§ **Work order**: For the string "Lemma", find every matching line in the records and copy it.

═════ Records supplied ═════

Theorem nsums_bounded g : exists N, forall n, nsums n g -> (n <= N)%N.
Proof.
apply: contrapT => /forallNP unbounded.
have longer N : exists n, (N < n)%N /\ nsums n g.
  have /existsNP [n /not_implyP [Ng nle]] := unbounded N.
  by exists n; rewrite ltnNge; split=> //; apply/negP.
have [f fP] := choice longer.
apply: (@no_bad (fun i => (g, iter i.+1 f 0%N))) => i; split; first exact: (fP _).2.
by split; [exact: (oag_refl HG) | right; exact: (fP _).1].
Qed.

End Neumann.

Lemma sums_nsums (G : zmodType) (S S' : set G) n g :
  S' `<=` sums S -> nsums S' n.+1 g -> sums S g.
Proof.
move=> S'S; elim: n g => [|n IH] g /nsumsP [s /S'S [a Na] [t Nt ->]].
  by move/nsumsP: Nt => ->; rewrite addr0; exists a.
have [b Nb] := IH _ Nt; exists (a + b.+1)%N.
by rewrite -addSn; apply: nsumsD.
Qed.

Lemma fsum_ge_trunc (R : zmodType) (F : nat -> R) m N :
  (forall i, (N < i)%N -> F i = 0) ->
  \sum_(i \in [set i | (m <= i)%N]) F i = \sum_(m <= i < N.+1) F i.
Proof.
move=> FN; rewrite -(fsbig_widen [set i | (m <= i <= N)%N]).
- rewrite (fsbig_fwiden (index_iota m N.+1)) ?iota_uniq //.
    by move=> i /= iN; rewrite mem_index_iota ltnS.
  by move=> i [/=]; rewrite mem_index_iota ltnS.
- by move=> i /= /andP[].
- by move=> i [/= mi]; rewrite mi /= => /negP; rewrite -ltnNge => /FN.
Qed.

Lemma fsum_ge1_split (R : zmodType) (F : nat -> R) N :
  (forall i, (N < i)%N -> F i = 0) ->
  \sum_(i \in [set i | (1 <= i)%N]) F i = F 1%N + \sum_(i \in [set i | (2 <= i)%N]) F i.
Proof.
move=> FN; have FN1 i : (N.+1 < i)%N -> F i = 0 by move=> /ltnW; apply: FN.
by rewrite !(fsum_ge_trunc _ FN1) big_ltn.
Qed.

Section HahnPowers.
Variables (k : fieldType) (G : zmodType) (le : G -> G -> Prop).
Hypothesis HG : ordered_abelian_group le.
Local Notation lt := (ltG le).

Definition supp_gt0 (y : G -> k) := forall g, y g != 0 -> lt 0 g.

Definition agree_below (m : G) (y y' : G -> k) := forall h, lt h m -> y h = y' h.

Lemma hmulr1 (a : G -> k) : hmul a (@hone k G) = a.
Proof.
apply/funext => g; rewrite /hmul -(fsbig_widen [set g]) ?fsbig_set1 //.
  by rewrite subrr /hone eqxx mulr1.
move=> h [_ /= ngh]; rewrite /hone ifF ?mulr0 //.
by apply/negbTE; rewrite subr_eq0; apply/eqP => /esym.
Qed.

Lemma hpow1 (a : G -> k) : hpow a 1 = a.
Proof. exact: hmulr1. Qed.

Lemma hmul_neq0 (a b : G -> k) g : hmul a b g != 0 ->
  exists2 h, a h != 0 & b (g - h) != 0.
Proof.
move=> /(fsbigN1 (f := fun _ h => a h * b (g - h)) (x := tt)) [h _].
by rewrite mulf_eq0 negb_or => /andP[]; exists h.
Qed.

Lemma supp_hpow (y : G -> k) n g : hpow y n g != 0 -> nsums (supp y) n g.
Proof.
elim: n g => [|n IH] g /=.
  by rewrite /hone; case: (eqVneq g 0) => [->|]; [constructor | rewrite eqxx].
move=> /hmul_neq0 [h yh /IH Nh].
by rewrite -(subrK h g) addrC; apply: nsumsS.
Qed.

═════

§ **Written reply**:
Lemma sums_nsums (G : zmodType) (S S' : set G) n g :
Lemma fsum_ge_trunc (R : zmodType) (F : nat -> R) m N :
Lemma fsum_ge1_split (R : zmodType) (F : nat -> R) N :
Lemma hmulr1 (a : G -> k) : hmul a (@hone k G) = a.
Lemma hpow1 (a : G -> k) : hpow a 1 = a.
Lemma hmul_neq0 (a b : G -> k) g : hmul a b g != 0 ->
Lemma supp_hpow (y : G -> k) n g : hpow y n g != 0 -> nsums (supp y) n g.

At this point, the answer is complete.